In some cases, high-speed processing can be performed by performing a table reference process of reading data (a logical operation result) stored in advance at the address. When performing this table reference processing, a local memory in each processor is allocated to a memory for storing table data, and the allocated memory is accessed by the indirect addressing described above.

[0010]

However, in the above-mentioned conventional parallel type image processing apparatus, the processing time required for bit-packing the binary image data becomes longer,
There is a problem that the realization of high-speed processing is prevented. This is because the neighboring pixel value is transferred between processors.
The bit data is transferred one bit at a time, and the collected pixel data is brought to a desired bit position by a shift operation or the like, then a logical operation is performed, and bit packing is performed. To pack a bit,
By requiring many operations.

In the above-described conventional parallel type image processing apparatus, when the same table data is used in each processor, the same table data is provided for each processor, and the local memory is wastefully consumed. Has the problem that

Accordingly, the present invention has been made to solve the above problems, and an object of the present invention is to provide a parallel image processing apparatus capable of performing binary pixel processing at a higher speed than a conventional apparatus. To provide.

[0013]

According to one aspect of the present invention, there is provided an image processing apparatus comprising a plurality of processors arranged in an array. And a means for bit-packing data in a predetermined register of the proximity processor and data in a predetermined register in each of the processors.

According to the present invention, in the bit pack operation, the processor shifts data between registers for storing data used for the bit pack,
There is provided means for reading data used in the next bit pack processing from a memory to a register.

In the present invention, a memory having one write port and a number of read ports equal to the total number of processors or the number obtained by dividing the total number of processors by a predetermined positive number is provided as a table reference memory. It is characterized by.

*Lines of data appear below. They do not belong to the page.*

(* Let $c$ be the ellipse $x^2/a_c^2+y^2/b_c^2=1$, $a_c>b_c>0$, and $e$ the confocal ellipse with semiaxes $a_e=\sqrt{a_c^2+k_e}$, $b_e=\sqrt{b_c^2+k_e}$, $k_e>0$. Put $\mathbf t_c(t)=(-a_c\sin t,\,b_c\cos t)$ and $k_h(t)=-\Vert\mathbf t_c(t)\Vert^2$. Let $P_1P_2\dots$ be a billiard in $e$ with caustic $c$, where $P_i=(a_e\cos t_i,\,b_e\sin t_i)$ and $Q_i=(a_c\cos t_i',\,b_c\sin t_i')$ is the point of contact of the side $P_iP_{i+1}$ with $c$. Then \[r_i:=\overline{Q_{i-1}P_i}=\frac{\Vert\mathbf t_c(t_{i-1}')\Vert\,\Vert\mathbf t_c(t_i)\Vert\sqrt{k_e}}{a_cb_c},\qquad l_i:=\overline{P_iQ_i}=\frac{\Vert\mathbf t_c(t_i)\Vert\,\Vert\mathbf t_c(t_i')\Vert\sqrt{k_e}}{a_cb_c}.\] Moreover, the canonical motion of the billiard induces for the side $P_iP_{i+1}$ the instant angular velocity \[\omega_i=\frac{a_cb_c}{\Vert\mathbf t_c(t_i')\Vert}=\frac{a_cb_c}{\sqrt{-k_h(t_i')}}.\]
   Context: A billiard in $e$ with caustic $c$ is a sequence of points $P_1,P_2,\dots$ on $e$ such that each line $P_iP_{i+1}$ is tangent to $c$ and $P_{i-1}P_i$, $P_iP_{i+1}$ are the two tangents from $P_i$ to $c$; it is traversed counterclockwise. The canonical billiard motion is the motion of the billiard (all vertices staying on $e$ and all sides tangent to $c$) parametrized by a parameter $u$ such that every vertex $P=(a_e\cos t,b_e\sin t)$ moves with $\frac{dt}{du}=\Vert\mathbf t_c(t)\Vert=\sqrt{a_c^2\sin^2t+b_c^2\cos^2t}$, i.e. with velocity vector $\Vert\mathbf t_c(t)\Vert(-a_e\sin t,\,b_e\cos t)$; angular velocities are derivatives with respect to $u$. *)

From Stdlib Require Import Reals.
From Coquelicot Require Import Coquelicot.
Open Scope R_scope.

Definition pt2 := (R * R)%type.
Definition vsub (P Q : pt2) : pt2 := (fst P - fst Q, snd P - snd Q).
Definition cross (u v : pt2) : R := fst u * snd v - snd u * fst v.
Definition dist2 (P Q : pt2) : R :=
  sqrt ((fst P - fst Q)^2 + (snd P - snd Q)^2).

Definition ell_pt (a b t : R) : pt2 := (a * cos t, b * sin t).

Definition a_e (ac ke : R) : R := sqrt (ac^2 + ke).
Definition b_e (bc ke : R) : R := sqrt (bc^2 + ke).

Definition t_c (ac bc t : R) : pt2 := (- ac * sin t, bc * cos t).
Definition norm_tc (ac bc t : R) : R :=
  sqrt (ac^2 * (sin t)^2 + bc^2 * (cos t)^2).
Definition k_h (ac bc t : R) : R := - (norm_tc ac bc t)^2.

Definition P_pt (ac bc ke t : R) : pt2 := ell_pt (a_e ac ke) (b_e bc ke) t.
Definition Q_pt (ac bc t' : R) : pt2 := ell_pt ac bc t'.
(* The theory INT is equivalent to the theory FUN of normalized positive additive functionals on $R$: the interpretation sending $P(f)$ to $(0<I(f))$, together with the interpretation sending $(p<I(f))$ to $P(f-p)$ and $(I(f)<q)$ to $P(q-f)$, are mutually inverse interpretations between the two propositional geometric theories. In particular the points of INT correspond exactly to integrals on $R$.
   Context: $R$ is a Riesz space over $\mathbb{Q}$ with strong unit $1$ (for every $x$ there is $n$ with $-n1\le x\le n1$); rationals $r$ are identified with $r\cdot1$. INT is the propositional geometric theory with generators $P(f)$, $f\in R$, and relations: $P(1)=1$; $P(f)\wedge P(-f)=0$; $P(f+g)\le P(f)\vee P(g)$; $P(f)=0$ if $f\le0$; $P(f)=\bigvee_{s>0,\,s\in\mathbb{Q}}P(f-s)$. FUN is the propositional geometric theory with generators $(p<I(f))$ and $(I(f)<q)$ for $f\in R$, $p,q\in\mathbb{Q}$, with relations expressing that each $I(f)$ is a Dedekind real (namely: $(p<I(f))\le(p'<I(f))$ for $p'<p$; $(I(f)<q)\le(I(f)<q')$ for $q<q'$; $(p<I(f))=\bigvee_{p'>p}(p'<I(f))$; $(I(f)<q)=\bigvee_{q'<q}(I(f)<q')$; $1=(p<I(f))\vee(I(f)<q)$ for $p<q$; $0=(q<I(f))\wedge(I(f)<p)$ for $p<q$), and that $I(0)=0$, $I(f+g)=I(f)+I(g)$, $I(f)\ge0$ whenever $f\ge0$, and $I(1)=1$. An integral on $R$ is a positive linear functional $I:R\to\mathbb{R}$ with $I(1)=1$. *)

From HB Require Import structures.
From mathcomp Require Import all_boot all_order all_algebra.
From Stdlib Require Import Reals ZArith.
Set Implicit Arguments. Unset Strict Implicit. Unset Printing Implicit Defensive.
Import Order.TTheory GRing.Theory Num.Theory.
Local Open Scope ring_scope.

(* A frame is presented as a preorder with top, bottom, binary meets,  *)
(* joins of arbitrary subsets and infinite distributivity; equality in *)
(* the frame is the induced equivalence [feq].                         *)
Record frame := Frame {
  fcar :> Type;
  fle : fcar -> fcar -> Prop;
  ftop : fcar;
  fbot : fcar;
  fmeet : fcar -> fcar -> fcar;
  fsup : (fcar -> Prop) -> fcar;
  fle_refl : forall a, fle a a;
  fle_trans : forall a b c, fle a b -> fle b c -> fle a c;
  ftop_max : forall a, fle a ftop;
  fbot_min : forall a, fle fbot a;
  fmeet_l : forall a b, fle (fmeet a b) a;
  fmeet_r : forall a b, fle (fmeet a b) b;
  fmeet_glb : forall a b c, fle c a -> fle c b -> fle c (fmeet a b);
  fsup_ub : forall (S : fcar -> Prop) a, S a -> fle a (fsup S);
  fsup_lub : forall (S : fcar -> Prop) c, (forall a, S a -> fle a c) -> fle (fsup S) c;
  fdistr : forall a (S : fcar -> Prop),
    fle (fmeet a (fsup S)) (fsup (fun x => exists b, S b /\ x = fmeet a b))
}.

The principle and operation of the present invention will be described below. The present invention relates to a program-executable parallel image processing apparatus in which a processor array including a plurality of processors can execute read / write of data of an image row unit at a time with respect to an image memory. Means for bit-packing the binary image data in block units, and further, means for loading the next data to be bit-packed from the memory simultaneously with the bit-packing, that is, preferably in the same instruction cycle as the bit-packing. With this arrangement, the speed of the bit pack operation is increased, the increase in the circuit scale is suppressed, and high-speed image processing can be performed on the binary image data. Further, a memory having a one-write / multi-read port configuration is used as a memory used for a table reference process using bit-packed data, and can be read from all processors, so that a local memory of each processor is used as a table memory. As compared with the case, the memory usage can be greatly reduced.

[0017]

Embodiments of the present invention will be described in detail below with reference to the drawings. FIG. 1 is a diagram showing the configuration of an embodiment of the image processing apparatus of the present invention.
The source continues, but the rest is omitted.